Recorded information section start
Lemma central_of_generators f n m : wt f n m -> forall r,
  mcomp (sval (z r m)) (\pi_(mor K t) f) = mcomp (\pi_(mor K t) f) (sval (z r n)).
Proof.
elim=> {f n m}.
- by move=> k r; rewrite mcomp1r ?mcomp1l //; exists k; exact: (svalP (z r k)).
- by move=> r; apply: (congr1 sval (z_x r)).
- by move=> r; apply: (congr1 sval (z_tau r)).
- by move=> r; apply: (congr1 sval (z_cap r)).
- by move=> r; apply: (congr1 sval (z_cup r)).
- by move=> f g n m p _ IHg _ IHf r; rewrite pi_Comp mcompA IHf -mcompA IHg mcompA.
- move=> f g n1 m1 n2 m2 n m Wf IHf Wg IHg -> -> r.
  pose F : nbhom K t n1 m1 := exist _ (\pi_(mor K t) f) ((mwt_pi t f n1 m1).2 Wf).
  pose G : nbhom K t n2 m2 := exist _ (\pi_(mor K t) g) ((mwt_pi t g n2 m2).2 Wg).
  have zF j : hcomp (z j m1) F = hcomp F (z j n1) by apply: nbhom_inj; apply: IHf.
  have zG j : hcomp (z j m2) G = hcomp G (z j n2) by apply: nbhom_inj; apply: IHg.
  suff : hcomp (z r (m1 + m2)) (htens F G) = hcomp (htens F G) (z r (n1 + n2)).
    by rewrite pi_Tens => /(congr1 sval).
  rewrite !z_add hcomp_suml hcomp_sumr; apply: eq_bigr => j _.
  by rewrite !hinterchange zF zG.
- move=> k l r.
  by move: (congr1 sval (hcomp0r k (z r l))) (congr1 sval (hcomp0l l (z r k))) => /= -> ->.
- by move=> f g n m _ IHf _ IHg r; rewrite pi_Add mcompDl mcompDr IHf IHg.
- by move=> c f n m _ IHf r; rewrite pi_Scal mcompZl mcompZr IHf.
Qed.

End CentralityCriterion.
Recorded information section end
Recorded information section start
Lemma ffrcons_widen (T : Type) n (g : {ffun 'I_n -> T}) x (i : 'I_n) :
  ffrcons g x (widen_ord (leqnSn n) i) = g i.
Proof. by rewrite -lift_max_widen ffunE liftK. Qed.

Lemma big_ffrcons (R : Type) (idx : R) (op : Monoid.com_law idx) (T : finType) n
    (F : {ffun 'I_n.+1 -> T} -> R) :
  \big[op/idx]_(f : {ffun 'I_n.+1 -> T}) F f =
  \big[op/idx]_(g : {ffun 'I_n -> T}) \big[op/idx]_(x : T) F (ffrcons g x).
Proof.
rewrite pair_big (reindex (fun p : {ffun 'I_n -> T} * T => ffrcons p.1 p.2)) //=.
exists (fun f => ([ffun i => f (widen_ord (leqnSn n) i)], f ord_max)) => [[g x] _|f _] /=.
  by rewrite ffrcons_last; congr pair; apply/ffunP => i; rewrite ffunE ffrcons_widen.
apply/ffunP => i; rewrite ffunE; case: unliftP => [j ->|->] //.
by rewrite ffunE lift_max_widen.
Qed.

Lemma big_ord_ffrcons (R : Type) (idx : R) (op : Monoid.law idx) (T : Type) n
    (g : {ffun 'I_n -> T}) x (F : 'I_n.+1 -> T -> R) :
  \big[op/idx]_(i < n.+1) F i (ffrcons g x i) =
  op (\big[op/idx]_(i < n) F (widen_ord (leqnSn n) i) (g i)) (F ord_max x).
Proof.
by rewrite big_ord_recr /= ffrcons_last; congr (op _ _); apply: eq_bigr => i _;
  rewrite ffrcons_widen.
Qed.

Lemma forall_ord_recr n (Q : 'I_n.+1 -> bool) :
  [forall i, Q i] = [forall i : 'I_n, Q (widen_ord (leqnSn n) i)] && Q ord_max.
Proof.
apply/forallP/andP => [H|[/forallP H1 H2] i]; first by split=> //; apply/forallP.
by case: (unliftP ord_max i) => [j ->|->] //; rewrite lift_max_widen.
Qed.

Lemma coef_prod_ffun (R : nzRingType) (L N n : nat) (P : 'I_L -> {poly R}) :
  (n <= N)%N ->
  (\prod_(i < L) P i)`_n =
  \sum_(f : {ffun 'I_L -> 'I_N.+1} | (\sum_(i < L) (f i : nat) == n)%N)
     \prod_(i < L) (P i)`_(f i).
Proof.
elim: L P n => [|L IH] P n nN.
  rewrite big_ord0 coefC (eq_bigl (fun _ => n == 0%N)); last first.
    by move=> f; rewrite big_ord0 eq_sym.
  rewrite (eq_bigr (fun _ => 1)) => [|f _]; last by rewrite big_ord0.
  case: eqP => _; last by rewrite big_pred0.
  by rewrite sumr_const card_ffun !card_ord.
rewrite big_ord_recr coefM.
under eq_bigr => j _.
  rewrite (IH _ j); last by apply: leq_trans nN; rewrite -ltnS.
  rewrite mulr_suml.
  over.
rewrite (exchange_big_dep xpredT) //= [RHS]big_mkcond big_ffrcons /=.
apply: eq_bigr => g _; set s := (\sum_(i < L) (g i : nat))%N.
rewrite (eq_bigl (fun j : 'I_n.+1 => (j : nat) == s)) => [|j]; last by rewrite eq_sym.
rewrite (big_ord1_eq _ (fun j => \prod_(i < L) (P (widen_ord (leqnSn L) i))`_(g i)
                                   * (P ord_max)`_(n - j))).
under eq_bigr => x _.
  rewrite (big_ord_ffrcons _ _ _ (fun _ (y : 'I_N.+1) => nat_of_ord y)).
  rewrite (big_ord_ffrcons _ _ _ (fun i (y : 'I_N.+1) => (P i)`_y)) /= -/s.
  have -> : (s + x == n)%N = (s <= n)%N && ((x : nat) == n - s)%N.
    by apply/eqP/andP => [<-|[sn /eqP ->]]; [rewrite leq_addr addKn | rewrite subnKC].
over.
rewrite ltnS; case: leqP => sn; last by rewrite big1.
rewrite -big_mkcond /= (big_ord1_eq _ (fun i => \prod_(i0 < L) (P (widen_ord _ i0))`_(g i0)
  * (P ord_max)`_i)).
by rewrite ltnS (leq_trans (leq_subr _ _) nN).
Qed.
Recorded information section end
Recorded information section start
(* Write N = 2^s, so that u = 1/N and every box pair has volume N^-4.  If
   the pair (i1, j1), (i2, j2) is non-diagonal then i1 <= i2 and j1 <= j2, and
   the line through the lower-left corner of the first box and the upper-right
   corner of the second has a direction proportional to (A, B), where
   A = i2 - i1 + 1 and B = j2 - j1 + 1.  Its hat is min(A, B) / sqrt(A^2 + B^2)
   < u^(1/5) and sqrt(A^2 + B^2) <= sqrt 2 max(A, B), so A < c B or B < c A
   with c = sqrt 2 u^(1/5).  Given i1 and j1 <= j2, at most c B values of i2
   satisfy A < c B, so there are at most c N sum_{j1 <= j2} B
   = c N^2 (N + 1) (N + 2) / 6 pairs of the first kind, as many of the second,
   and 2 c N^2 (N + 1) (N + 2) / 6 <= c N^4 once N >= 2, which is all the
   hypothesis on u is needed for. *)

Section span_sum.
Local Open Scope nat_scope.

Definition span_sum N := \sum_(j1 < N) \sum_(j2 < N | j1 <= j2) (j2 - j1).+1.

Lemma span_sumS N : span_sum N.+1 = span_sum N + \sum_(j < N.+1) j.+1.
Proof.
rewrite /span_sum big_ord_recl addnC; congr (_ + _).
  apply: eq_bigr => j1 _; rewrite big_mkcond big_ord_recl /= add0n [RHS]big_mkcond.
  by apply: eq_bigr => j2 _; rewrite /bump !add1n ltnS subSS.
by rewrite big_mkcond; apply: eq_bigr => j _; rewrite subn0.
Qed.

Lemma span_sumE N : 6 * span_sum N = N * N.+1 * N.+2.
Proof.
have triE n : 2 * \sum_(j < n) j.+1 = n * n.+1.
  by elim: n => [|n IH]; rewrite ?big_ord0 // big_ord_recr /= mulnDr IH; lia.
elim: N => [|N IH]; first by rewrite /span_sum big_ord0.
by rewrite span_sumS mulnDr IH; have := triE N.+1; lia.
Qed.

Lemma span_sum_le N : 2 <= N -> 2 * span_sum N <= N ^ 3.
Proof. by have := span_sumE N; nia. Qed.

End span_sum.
Recorded information section end
▶ Exercise objective: From the records above, copy only the lines starting with the line that holds "rewrite pair_big (reindex" and going on through the line that holds "x (F : 'I_n.+1", exactly as written.

▶ Answer box:
rewrite pair_big (reindex (fun p : {ffun 'I_n -> T} * T => ffrcons p.1 p.2)) //=.
exists (fun f => ([ffun i => f (widen_ord (leqnSn n) i)], f ord_max)) => [[g x] _|f _] /=.
  by rewrite ffrcons_last; congr pair; apply/ffunP => i; rewrite ffunE ffrcons_widen.
apply/ffunP => i; rewrite ffunE; case: unliftP => [j ->|->] //.
by rewrite ffunE lift_max_widen.
Qed.

Lemma big_ord_ffrcons (R : Type) (idx : R) (op : Monoid.law idx) (T : Type) n
    (g : {ffun 'I_n -> T}) x (F : 'I_n.+1 -> T -> R) :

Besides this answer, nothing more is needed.